** Work required **
In how many lines of the data does the word "rprod" appear? Give the number by itself.

[Stored data entries]
──────────

(* Let $n$ be a positive integer and $\alpha,\beta\in\mathbb{R}$ with $\alpha>\beta$. Then $A_n^{\alpha,\beta}$ is symmetric positive definite, and its smallest eigenvalue $\lambda_1^{n,\alpha,\beta}$ satisfies \[ \lambda_1^{n,\alpha,\beta}\ \ge\ t_n\cdot \min_{1\le i\le n}J_{\alpha-\beta}(i)\cdot \min\{1,n^{2\beta}\}\ >\ 0 . \]
   Context: For $i,j$ positive integers, $(i,j)$ denotes the greatest common divisor and $[i,j]$ the least common multiple. For $\alpha,\beta\in\mathbb{R}$ and a positive integer $n$, $A_n^{\alpha,\beta}$ is the $n\times n$ real matrix with $(i,j)$ entry $(i,j)^{\alpha}[i,j]^{\beta}$. $E_n$ is the $n\times n$ matrix with $(E_n)_{ij}=1$ if $j\mid i$ and $(E_n)_{ij}=0$ otherwise; $t_n$ denotes the smallest eigenvalue and $T_n$ the largest eigenvalue of the symmetric matrix $E_n^{T}E_n$. For real $s$, $J_s$ is the arithmetical function $J_s(k)=k^{s}\prod_{p\mid k}\left(1-p^{-s}\right)$ (product over primes $p$ dividing $k$), equivalently $J_s(k)=\sum_{d\mid k} d^{s}\mu(k/d)$ where $\mu$ is the Möbius function. *)

From Stdlib Require Import Reals Lra Lia Arith ZArith Znumtheory.
Open Scope R_scope.

(* Vectors and n x n matrices are indexed by 1..n (as in the paper):
   a vector is a function nat -> R, a matrix nat -> nat -> R; only the
   entries with indices in 1..n matter. *)

Fixpoint rsum (n : nat) (f : nat -> R) : R :=
  match n with
  | O => 0
  | S k => rsum k f + f (S k)
  end.

Fixpoint rprod (n : nat) (f : nat -> R) : R :=
  match n with
  | O => 1
  | S k => rprod k f * f (S k)
  end.

(* rmin1 m f = min_{1 <= i <= m+1} f i ; so min_{1<=i<=n} f i = rmin1 (n-1) f *)
Fixpoint rmin1 (m : nat) (f : nat -> R) : R :=
  match m with
  | O => f 1%nat
  | S m' => Rmin (rmin1 m' f) (f (S (S m')))
  end.

Definition min_1_to (n : nat) (f : nat -> R) : R := rmin1 (n - 1) f.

──────────

** Output for this exercise **
2